Elementary, dull, and repetitive.
By LD
This is an ambitious, yet poorly written monograph. Devitt's overuse of the term "genre" bludgeons the reader, and her assertions of the manner in which genre dictates certain aspects of how we see the world and organize our experiences borders on the obvious. Anyone familiar with the way in which signs and signifying chains are linked together are already familiar with this concept. For those indoctrinated in a Lacanian framework, she waters down the manner in which the symbolic functions by replacing the Law of the Father in the symbolic with genre sets and other subdivisions of how genres are grouped and ordered. Her claim that genre is at the nexus of the individual and the social is perhaps the point I disagree with most. Her concept of the individual is purely hinged upon the social/ public individual as defined in that space; however, she neglects the private, internalize subjectivity which the subject uniquely experiences. While some might claim that blogs, social media pages, and other narratives will fit into genres and thus cover that internalize experience, she neglects the affective investment in language that is inseparable and impossible to convey to another subject. We can read traces of another and individually re-invest in those signs as we have read and assimilated them. While some may assert that that individualized experience escapes this realm of writing, neglecting the relationship between the subject and their relationship to language escapes the area between the thought and the expression. She never deals with first person, second person, or third person narratives, and how that affects the writer in its articulation. She never addresses the genre of stream of consciousness and what it aims to do or signifiy in relation to the subject's experience. We can read about experiences and compare them to our own, but we never can feel the experience of another outside of the language used. It's always a feigned unicity of discourse.

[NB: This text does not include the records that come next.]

(* Let $m$ be a positive integer and $F$ a distribution function with finite $m$-th absolute moment. Then $\mathsf L_{F,m}$ is invertible in $(\mathbb R_m[\mathrm D],\circ)$ and $$\mathsf L_{F,m}^{-1}=\sum_{n=0}^m\Bigl(\sum_{p\in\mathcal P(m,n)}(-1)^{n+p_1}\binom{p_1}{\Delta p}\prod_{k=1}^m\Bigl(\frac{\mu_{F,k}}{k!}\Bigr)^{(\Delta p)_k}\Bigr)\mathrm D^n.$$
   Context: $(\mathbb R_m[\mathrm D],\circ)$ is the ring of polynomials in $\mathrm D$ of degree at most $m$ with multiplication of polynomials modulo $\mathrm D^{m+1}$. $\mu_{F,k}=\int x^k\,dF(x)$ and $\mathsf L_{F,m}=\sum_{k=0}^m\frac{(-1)^k}{k!}\mu_{F,k}\mathrm D^k$. An ordered partition of length $k$ of an integer $n$ is a $k$-tuple of positive integers $p_1\ge\dots\ge p_k>0$ with sum $n$; one sets $p_i=0$ for $i>k$ (the empty partition, of length $0$, is the partition of $n=0$). $\mathcal P(m,n)$ is the set of ordered partitions of $n$ of length at most $m$. For such $p$, $\Delta p=(p_1-p_2,p_2-p_3,\dots,p_m-p_{m+1})$, and for a tuple $k=(k_1,\dots,k_m)$ of nonnegative integers with sum $q$, $\binom{q}{k}=q!/(k_1!\cdots k_m!)$. *)

From HB Require Import structures.
From mathcomp Require Import all_boot all_order all_algebra.
From mathcomp Require Import all_classical all_reals all_analysis.

Set Implicit Arguments.
Unset Strict Implicit.
Unset Printing Implicit Defensive.
Import Order.TTheory GRing.Theory Num.Theory.

Local Open Scope ring_scope.

Definition dF (R : realType) (F : cumulativeBounded (0:R) (1:R)) :=
  lebesgue_stieltjes_measure F.

Definition moment (R : realType) (F : cumulativeBounded (0:R) (1:R)) (k : nat) : R :=
  Rintegral (dF F) setT (fun x : R => x ^+ k).

Definition finite_abs_moment (R : realType) (F : cumulativeBounded (0:R) (1:R))
    (m : nat) : Prop :=
  (\int[dF F]_x ((`|x| ^+ m)%:E) < +oo)%E.

(* The ring (R_m[D], o): polynomials in D (represented by 'X) of degree <= m,
   product = polynomial product truncated modulo D^(m+1). *)
Definition trunc_mul (R : nzRingType) (m : nat) (p q : {poly R}) : {poly R} :=
  take_poly m.+1 (p * q).

Definition Lop (R : realType) (F : cumulativeBounded (0:R) (1:R)) (m : nat) : {poly R} :=
  \sum_(k < m.+1) (((-1) ^+ k / (k`!)%:R * moment F k) *: 'X^k).

(* P(m,n): ordered partitions p_1 >= ... >= p_k > 0 of n of length <= m,
   represented as the m-tuple (p_1, ..., p_m) padded with zeros, i.e.
   nonincreasing functions p : 'I_m -> 'I_(n.+1) with sum n.
   (index i : 'I_m stands for p_{i+1}) *)
Definition pval (m n : nat) (p : {ffun 'I_m -> 'I_n.+1}) (i : nat) : nat :=
  if insub i is Some j then nat_of_ord (p j) else 0%N.

Definition is_partition (m n : nat) (p : {ffun 'I_m -> 'I_n.+1}) : bool :=
  [forall i : 'I_m, pval p i.+1 <= p i]%N && (\sum_(i < m) (p i : nat) == n)%N.

(* p_1 (0 for the empty partition) *)
Definition p1 (m n : nat) (p : {ffun 'I_m -> 'I_n.+1}) : nat := pval p 0.

Definition deltap (m n : nat) (p : {ffun 'I_m -> 'I_n.+1}) (i : 'I_m) : nat :=
  (p i - pval p i.+1)%N.

Definition multinom (m : nat) (q : nat) (k : 'I_m -> nat) : nat :=
  (q`! %/ \prod_(i < m) (k i)`!)%N.

Definition inv_coef (R : realType) (F : cumulativeBounded (0:R) (1:R)) (m n : nat) : R :=
  \sum_(p : {ffun 'I_m -> 'I_n.+1} | is_partition p)
    ((-1) ^+ (n + p1 p) * (multinom (p1 p) (deltap p))%:R *
     \prod_(i < m) ((moment F i.+1 / (i.+1)`!%:R) ^+ deltap p i)).

Definition Linv (R : realType) (F : cumulativeBounded (0:R) (1:R)) (m : nat) : {poly R} :=
  \sum_(n < m.+1) (inv_coef F m n *: 'X^n).

(* Write L = 1 + A with A = sum_(k >= 1) a_k D^k and a_k = (-1)^k mu_k / k!.
   Modulo D^(m+1), 1/(1 + A) = sum_j (-A)^j; grouping the compositions of n by
   their multiplicity vector d (d_k parts equal to k) gives the coefficient
   c_n = sum_(weight d = n) (-1)^|d| binom(|d|; d) prod_k a_k^(d_k).  Instead of
   expanding powers we check the recursion c_n = - sum_(k=1..n) a_k c_(n-k),
   which is the Pascal rule binom(|d|; d) = sum_k binom(|d| - 1; d - e_k)
   obtained by removing one part.  The map d |-> p with p_i = d_i + ... + d_m
   (p is the conjugate partition) is a bijection from the multiplicity vectors
   of weight n onto P(m, n), with Delta p = d and p_1 = |d|; the sign
   (-1)^(n + p_1) collects the signs of the a_k.  Truncated multiplication is
   associative, so this right inverse is the unique two-sided inverse. *)

From HB Require Import structures.
From mathcomp Require Import all_boot all_order all_algebra.
From mathcomp Require Import all_classical all_reals all_analysis.
From mathcomp Require Import ring zify.
Import GRing.Theory Num.Theory.

Set Implicit Arguments.
Unset Strict Implicit.
Unset Printing Implicit Defensive.

Section TruncatedProduct.
Variables (R : nzRingType) (m : nat).
Local Open Scope ring_scope.

Lemma take_polyMl n (p q : {poly R}) :
  take_poly n (take_poly n p * q) = take_poly n (p * q).
Proof.
rewrite -[in RHS](poly_take_drop n p) mulrDl take_polyD -mulrA -(commr_polyXn q).
by rewrite mulrA take_polyMXn_0 addr0.
Qed.

Lemma take_polyMr n (p q : {poly R}) :
  take_poly n (p * take_poly n q) = take_poly n (p * q).
Proof.
by rewrite -[in RHS](poly_take_drop n q) mulrDr take_polyD mulrA take_polyMXn_0 addr0.
Qed.

Lemma trunc_mulA (p q r : {poly R}) :
  trunc_mul m (trunc_mul m p q) r = trunc_mul m p (trunc_mul m q r).
Proof. by rewrite /trunc_mul take_polyMl take_polyMr mulrA. Qed.

Lemma trunc_mul1p (p : {poly R}) : (size p <= m.+1)%N -> trunc_mul m 1 p = p.
Proof. by move=> sp; rewrite /trunc_mul mul1r take_poly_id. Qed.

Lemma trunc_mulp1 (p : {poly R}) : (size p <= m.+1)%N -> trunc_mul m p 1 = p.
Proof. by move=> sp; rewrite /trunc_mul mulr1 take_poly_id. Qed.

Lemma trunc_mul_inv_uniq (p q q' : {poly R}) :
  (size q <= m.+1)%N -> (size q' <= m.+1)%N ->
  trunc_mul m q p = 1 -> trunc_mul m p q' = 1 -> q = q'.
Proof.
move=> sq sq' qp pq'.
by rewrite -(trunc_mulp1 sq) -pq' -trunc_mulA qp trunc_mul1p.
Qed.

End TruncatedProduct.

Lemma telescope_sumn_nonincr (f : nat -> nat) i M : i <= M -> f M = 0 ->
  (forall k, f k.+1 <= f k) -> \sum_(i <= k < M) (f k - f k.+1) = f i.
Proof.
move=> iM fM fle; rewrite -(subKn iM).
elim: (M - i) (leq_subr i M) => [|k IH] kM; first by rewrite subn0 big_geq.
rewrite big_ltn ?subnSK ?leq_subr // IH 1?ltnW // subnK //.
by rewrite -(subnSK kM) fle.
Qed.

Lemma sum_tail_sums (g : nat -> nat) M :
  \sum_(i < M) \sum_(i <= k < M) g k = \sum_(k < M) k.+1 * g k.
Proof.
elim: M => [|M IH]; first by rewrite !big_ord0.
rewrite !big_ord_recr /= big_nat1 -IH.
under eq_bigr => i _ do rewrite big_nat_recr 1?ltnW //=.
by rewrite big_split /= sum_nat_const card_ord mulSn [g M + _]addnC addnA.
Qed.

Lemma prod_fact_dvdn m (k : 'I_m -> nat) :
  \prod_(i < m) (k i)`! %| (\sum_(i < m) k i)`!.
Proof.
elim: m k => [|m IH] k; first by rewrite !big_ord0.
rewrite !big_ord_recr /= -(bin_fact (leq_addr (k ord_max) _)) addKn.
by rewrite mulnA dvdn_mul // dvdn_mull.
Qed.

(* [d i] counts the parts equal to [i.+1]; multiplicities are bounded by [m]
   only to get a finite type, which is harmless for weights [<= m]. *)
Notation mvec m := {ffun 'I_m -> 'I_m.+1}.

Section MultiplicityVector.
Variable m : nat.
Implicit Types (d : mvec m) (i j : 'I_m).

Definition nparts d := \sum_(i < m) d i.
Definition weight d := \sum_(i < m) i.+1 * d i.
Definition mvec_dec d i : mvec m := [ffun j => inord (d j - (j == i))].
Definition mvec_inc d i : mvec m := [ffun j => inord (d j + (j == i))].

Lemma mvec_decE d i j : mvec_dec d i j = d j - (j == i) :> nat.
Proof. by rewrite ffunE inordK // ltnS (leq_trans (leq_subr _ _)) // -ltnS. Qed.

Lemma mvec_incE d i j : d i < m -> mvec_inc d i j = d j + (j == i) :> nat.
Proof.
by move=> dim; rewrite ffunE inordK //; case: eqP => [->|_]; rewrite ?addn1 ?addn0.
Qed.

Lemma mvec_decK d i : 0 < d i -> mvec_inc (mvec_dec d i) i = d.
Proof.
move=> di; have decim : mvec_dec d i i < m by rewrite mvec_decE eqxx subn1 -ltnS prednK.
apply/ffunP => j; apply: val_inj; rewrite /= mvec_incE // mvec_decE.
by case: eqP => [->|_]; rewrite ?subn0 ?addn0 // subnK.
Qed.

Lemma mvec_incK d i : d i < m -> mvec_dec (mvec_inc d i) i = d.
Proof.
by move=> dim; apply/ffunP => j; apply: val_inj; rewrite /= mvec_decE mvec_incE ?addnK.
Qed.

Lemma big_mvec_dec T (idx : T) (op : Monoid.com_law idx) (F : 'I_m -> nat -> T) d i :
  \big[op/idx]_j F j (mvec_dec d i j) =
  op (F i (d i).-1) (\big[op/idx]_(j | j != i) F j (d j)).
Proof.
rewrite (bigD1 i) //= mvec_decE eqxx subn1; congr (op _ _).
by apply: eq_bigr => j /negPf ji; rewrite mvec_decE ji subn0.
Qed.

Lemma nparts_dec d i : 0 < d i -> (nparts (mvec_dec d i)).+1 = nparts d.
Proof.
move=> di; rewrite /nparts (big_mvec_dec _ (fun _ k => k)) [in RHS](bigD1 i) //=.
by rewrite -addSn prednK.
Qed.

Lemma weight_dec d i : 0 < d i -> weight (mvec_dec d i) + i.+1 = weight d.
Proof.
move=> di; rewrite /weight (big_mvec_dec _ (fun j k => j.+1 * k)) [in RHS](bigD1 i) //=.
by rewrite -[in RHS](prednK di) mulnS addnAC [i.+1 * _ + _]addnC.
Qed.

Lemma prod_fact_dec d i : 0 < d i ->
  \prod_j (d j)`! = d i * \prod_j (mvec_dec d i j)`!.
Proof.
move=> di; rewrite (big_mvec_dec _ (fun _ k => k`!)) (bigD1 i) //=.
by rewrite -{1}(prednK di) factS prednK // mulnA.
Qed.

Lemma nparts_gt0 d : 0 < weight d -> 0 < nparts d.
Proof.
rewrite !lt0n; apply: contra; rewrite /nparts sum_nat_eq0 => /forall_inP d0.
by apply/eqP/big1 => i _; rewrite (eqP (d0 i isT)) muln0.
Qed.

Lemma leq_mvec_weight d i : d i <= weight d.
Proof. by rewrite /weight (bigD1 i) //= mulSn -addnA leq_addr. Qed.

Lemma mvec_inc_gt0 d i : d i < m -> 0 < mvec_inc d i i.
Proof. by move=> dim; rewrite mvec_incE // eqxx addn1. Qed.

Lemma weight_inc d i : d i < m -> weight (mvec_inc d i) = weight d + i.+1.
Proof. by move=> dim; rewrite -(weight_dec (mvec_inc_gt0 dim)) mvec_incK. Qed.

End MultiplicityVector.

Section InverseCoefficients.
Variables (R : numFieldType) (m : nat) (a : nat -> R).
Implicit Types (d : mvec m) (i : 'I_m).
Local Open Scope ring_scope.

Definition mvterm d : R :=
  (-1) ^+ nparts d * ((nparts d)`!%:R / (\prod_(i < m) (d i)`!)%:R) *
  \prod_(i < m) a i.+1 ^+ d i.

Definition mvcoef n : R := \sum_(d : mvec m | weight d == n) mvterm d.
Theorem proposition8 (R : realType) (dA dB : nat) (hdA : (2 <= dA)%N)
  (rho : 'M[R[i]]_(dA * dB)) (hrho : is_state rho) :
  Cmax rho \is a fin_num /\
  1 + Cl1 rho / (dA%:R - 1) <= 2 `^ (fine (Cmax rho)) <= 1 + Cl1 rho.
Proof.
set lo := 1 + _ / _; set hi := 1 + Cl1 rho.
have lo_ge1 : 1 <= lo by rewrite lerDl divr_ge0 ?Cl1_ge0 // subr_ge0 ler1n ltnW.
have hi_ge1 : 1 <= hi by rewrite lerDl Cl1_ge0.
have [lo_gt0 hi_gt0] := (lt_le_trans ltr01 lo_ge1, lt_le_trans ltr01 hi_ge1).
have [sigma [hsigma hle]] := IQ_dominating hrho.
have := Cmax_le_log2 hi_ge1 hsigma hle.
have := log2_le_Cmax lo_gt0 (fun _ _ => IQ_loewner_ge hdA hrho).
case: (Cmax rho) => [r| |] //=; rewrite !lee_fin => lo_r r_hi; split=> //.
apply/andP; split; [rewrite -[lo](log2K lo_gt0) | rewrite -[hi](log2K hi_gt0)];
  by apply: ler_powR; rewrite ?ler1n.
Qed.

While those more indoctrinated in genre theory might find this text useful, I found (and several of my colleagues) that the writing was poor, dull, and at times, painfully overwritten and obvious. It reads not only like bad academia, but also as an attempt to bolster the significance of an idea that is rather elementary. Her lack of focus on classic rhetorical philosophy also hinders her ties to the manner in which discourse works, and also how truth and authenticity is situated. There is no mention of Cicero, Quintilian, or Artistotle. Her focus on the social identity of the subject within the realm of genre theory makes sense, but again, is elementary. She doesn't address where writing fails, and for me, that is where the most fascinating work of a subject's experience occurs. What happens when white-space in inscribed, as it is in Shakespeare? What of Joyce's gnomon and his "." at the end of the 17th chapter of Ulysses? Her focus (as well as her admission that many of her ideas never much further research) make this feel like an unfinished project with either easily proved theses, or with ideas conveniently left out because of their ability to unravel claims in her work.
Unless you are very much into genre theory, this may be for you. I am not a fan of, nor am I interested in genre theory (as this was my first taste of it). This book was not for me. If I had a wobbly table, and I needed a book to put under a leg to stabilize that table, I would not use this book, for I believe that it is useless in any and all applications.